1 to 5 show a first embodiment of the present invention, FIG. 1 is an overall sectional view of a suspension device equipped with a detection device of the present invention, FIG. 2 is a circuit diagram of an excitation circuit, and FIG. Figure 4 is a circuit diagram of the detection circuit, Figure 4 is a graph showing the relationship between displacement and detection voltage, Figure 5 is a graph showing the relationship between displacement and detection signal,
FIG. 6 shows a second embodiment of the present invention, and FIGS. 7 and 8 show a whole sectional view of a suspension device equipped with a detection device of the present invention, and FIG. FIG. 7 is a cross-sectional view of a half part of the electromagnetic coil, and FIG. 8 is a graph showing the relationship between displacement and detection voltage. is. 1.1A, 1B... Electromagnetic coil 13...
・Coil winding 14...Bobbin (S electrical material) 15...Cover (conductive material)] 6...Electrical insulating material 2...Excitation circuit 3. ...Detection circuit 4 ...Shock absorber 41 ...Cylinder 42 ...Piston rond 45 ...Piston 6 ...Suspension spring 8...
・Air chamber 91...Analog multiplexer 92...

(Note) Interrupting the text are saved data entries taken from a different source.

(* Let $S^{\max}$, $L$ and $\mathcal{I}$ be as in the context. For all $\sigma,\sigma'\in\mathbb{T}$ with $\sigma\preceq\sigma'$, we have $\mathcal{I}(\sigma)\supseteq\mathcal{I}(\sigma')$.
   Context: Let $E$ be a set of events. A trace is a finite sequence $\sigma=\sigma_0\cdots\sigma_{n-1}$ ($n\ge 0$) or an infinite sequence $\sigma_0\sigma_1\cdots$ of events; $|\sigma|$ is its length ($\infty$ if infinite) and $\mathbb{T}$ is the set of all traces (including the empty trace). Write $\sigma\preceq\sigma'$ iff $|\sigma|\le|\sigma'|$ and $\sigma_i=\sigma'_i$ for all $0\le i<|\sigma|$ (prefix order). For $P\subseteq\mathbb{T}$, $\mathrm{pf}(P)=\{\sigma'\in\mathbb{T}\mid\exists\sigma\in P.\ \sigma'\preceq\sigma\}$. Fix $S^{\max}\subseteq\mathbb{T}$ and let $S^{\mathrm{pf}}=\mathrm{pf}(S^{\max})$ (valid traces). For $P\subseteq\mathbb{T}$, $\alpha(P)=\{\sigma\in\mathrm{pf}(P)\mid\forall\sigma'\in S^{\max}.\ \sigma\preceq\sigma'\Rightarrow\sigma'\in P\}$. Let $L\subseteq\wp(S^{\max})$ with $S^{\max},\emptyset\in L$ be such that $(L,\subseteq)$ is a complete lattice with top $S^{\max}$, bottom $\emptyset$, join $\sqcup$ and meet $\sqcap$ (least upper bounds / greatest lower bounds in $L$ w.r.t. $\subseteq$, not necessarily $\cup,\cap$). The inquiry function is $\mathcal{I}(\sigma)=\sqcap\{P\in L\mid \sigma\in\alpha(P)\}$ for $\sigma\in S^{\mathrm{pf}}$, and $\mathcal{I}(\sigma)=\emptyset$ for $\sigma\notin S^{\mathrm{pf}}$. *)

Set Implicit Arguments.

(* A trace over events E: a sequence nat -> option E that is "None-closed
   upwards": once it stops (None), it stays stopped. Finite traces of length n
   have Some at positions < n and None from n on; infinite traces are Some
   everywhere; the empty trace is constantly None. *)
Definition is_trace (E : Type) (s : nat -> option E) : Prop :=
  forall n, s n = None -> s (S n) = None.

Definition trace (E : Type) := { s : nat -> option E | is_trace s }.

Definition at_ (E : Type) (s : trace E) (n : nat) : option E := proj1_sig s n.

Definition tset (E : Type) := trace E -> Prop.

Definition subset (E : Type) (P Q : tset E) : Prop := forall s, P s -> Q s.

(* Prefix order: |s| <= |s'| and s_i = s'_i for i < |s|.  With the
   representation above this says: every defined position of s is defined in
   s' with the same event. *)
Definition prefix (E : Type) (s s' : trace E) : Prop :=
  forall i, at_ s i = None \/ at_ s' i = at_ s i.

Definition pf (E : Type) (P : tset E) : tset E :=
  fun s' => exists s, P s /\ prefix s' s.

Definition alpha (E : Type) (Smax P : tset E) : tset E :=
  fun s => pf P s /\ (forall s', Smax s' -> prefix s s' -> P s').

Definition is_glb (E : Type) (L : tset E -> Prop) (F : tset E -> Prop)
  (m : tset E) : Prop :=
  L m /\ (forall P, F P -> subset m P) /\
  (forall Q, L Q -> (forall P, F P -> subset Q P) -> subset Q m).

Definition is_lub (E : Type) (L : tset E -> Prop) (F : tset E -> Prop)
  (j : tset E) : Prop :=
  L j /\ (forall P, F P -> subset P j) /\
  (forall Q, L Q -> (forall P, F P -> subset P Q) -> subset j Q).

Definition complete_lattice (E : Type) (L : tset E -> Prop) : Prop :=
  forall F, (forall P, F P -> L P) ->
    (exists m, is_glb L F m) /\ (exists j, is_lub L F j).

Definition inquiry (E : Type) (Smax : tset E) (L : tset E -> Prop)
  (meet : (tset E -> Prop) -> tset E) (s : trace E) : tset E :=
  fun t => pf Smax s /\ meet (fun P => L P /\ alpha Smax P s) t.

(* If σ ∈ α(P) and σ ⪯ σ' with σ' valid, then σ' ∈ α(P) as well, since every
   maximal extension of σ' extends σ.  Hence the family of P ∈ L whose meet
   defines I(σ') contains the one defining I(σ), and a meet over a larger
   family is smaller. *)


Lemma prefix_trans {E : Type} {a b c : trace E} :
  prefix a b -> prefix b c -> prefix a c.
Proof.
  intros Hab Hbc i.
  destruct (Hab i) as [Ha | Ha]; [now left |].
  destruct (Hbc i) as [Hb | Hb].
  - left. now rewrite <- Ha.
  - right. now rewrite Hb.
Qed.

Lemma pf_prefix {E : Type} {P : tset E} {s s' : trace E} :
  prefix s s' -> pf P s' -> pf P s.
Proof.
  intros Hss' [x [Hx Hs'x]].
  exists x. split; [exact Hx | exact (prefix_trans Hss' Hs'x)].
Qed.

Lemma alpha_prefix {E : Type} {Smax P : tset E} {s s' : trace E} :
  prefix s s' -> pf Smax s' -> alpha Smax P s -> alpha Smax P s'.
Proof.
  intros Hss' [x [Hx Hs'x]] [_ Hext].
  assert (Hext' : forall y, Smax y -> prefix s' y -> P y).
  { intros y Hy Hs'y. apply Hext; [exact Hy | exact (prefix_trans Hss' Hs'y)]. }
  split; [| exact Hext'].
  exists x. split; [apply Hext'; [exact Hx | exact Hs'x] | exact Hs'x].
Qed.

Lemma glb_antitone {E : Type} {L F G : tset E -> Prop} {m m' : tset E} :
  (forall P, F P -> G P) -> is_glb L F m -> is_glb L G m' -> subset m' m.
Proof.
  intros HFG [_ [_ Hm_greatest]] [HLm' [Hm'_lower _]].
  apply Hm_greatest; [exact HLm' |].
  intros P HP. apply Hm'_lower, HFG, HP.
Qed.

Theorem lemma2 (E : Type) (Smax : tset E) (L : tset E -> Prop)
  (meet : (tset E -> Prop) -> tset E)
  (HLsub : forall P, L P -> subset P Smax)
  (HLtop : L Smax)
  (HLbot : L (fun _ => False))
  (HLcl : complete_lattice L)
  (Hmeet : forall F, (forall P, F P -> L P) -> is_glb L F (meet F)) :
  forall s s' : trace E, prefix s s' ->
    subset (inquiry Smax L meet s') (inquiry Smax L meet s).
Proof.
  intros s s' Hss' t [Hvalid' Ht].
  split; [exact (pf_prefix Hss' Hvalid') |].
  set (F := fun P => L P /\ alpha Smax P s).
  set (F' := fun P => L P /\ alpha Smax P s').
  assert (HFF' : forall P, F P -> F' P).
  { intros P [HLP HP]. split; [exact HLP | exact (alpha_prefix Hss' Hvalid' HP)]. }
  apply (glb_antitone HFF' (Hmeet F (fun P HP => proj1 HP))
                           (Hmeet F' (fun P HP => proj1 HP))).
  exact Ht.
Qed.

...A/D converter 93...Microprocessor A...Axle B...Body 1st 2nd f, ', 4'J#jJγ Fig. 6 Figure 8

Claims (3)

[Claims] (1) One electromagnetic coil provided on the body side of the vehicle suspension device, and an electromagnetic coil provided opposite to the one electromagnetic coil on the axle side of the suspension device that is relatively displaced with respect to the body side. an excitation means for supplying a periodically changing excitation current to the one or the other electromagnetic coil, and an induction generated in the other or one of the electromagnetic coils in response to changes in the excitation current; A displacement detection device for a vehicle suspension system, comprising a detection means for detecting a voltage and determining a relative displacement between a body side and an axle side of the suspension system based on the detected induced voltage value. (2) Displacement of the vehicle suspension device according to claim 1, wherein the one and the other electromagnetic coils are provided so that their centers coincide with and surround the piston rod of a shock absorber provided in the suspension device. Detection device. (3) A displacement detection device for a vehicle suspension device according to claim 1, wherein the one and the other electromagnetic coils are covered with a non-magnetic conductive material via an electrical insulating material.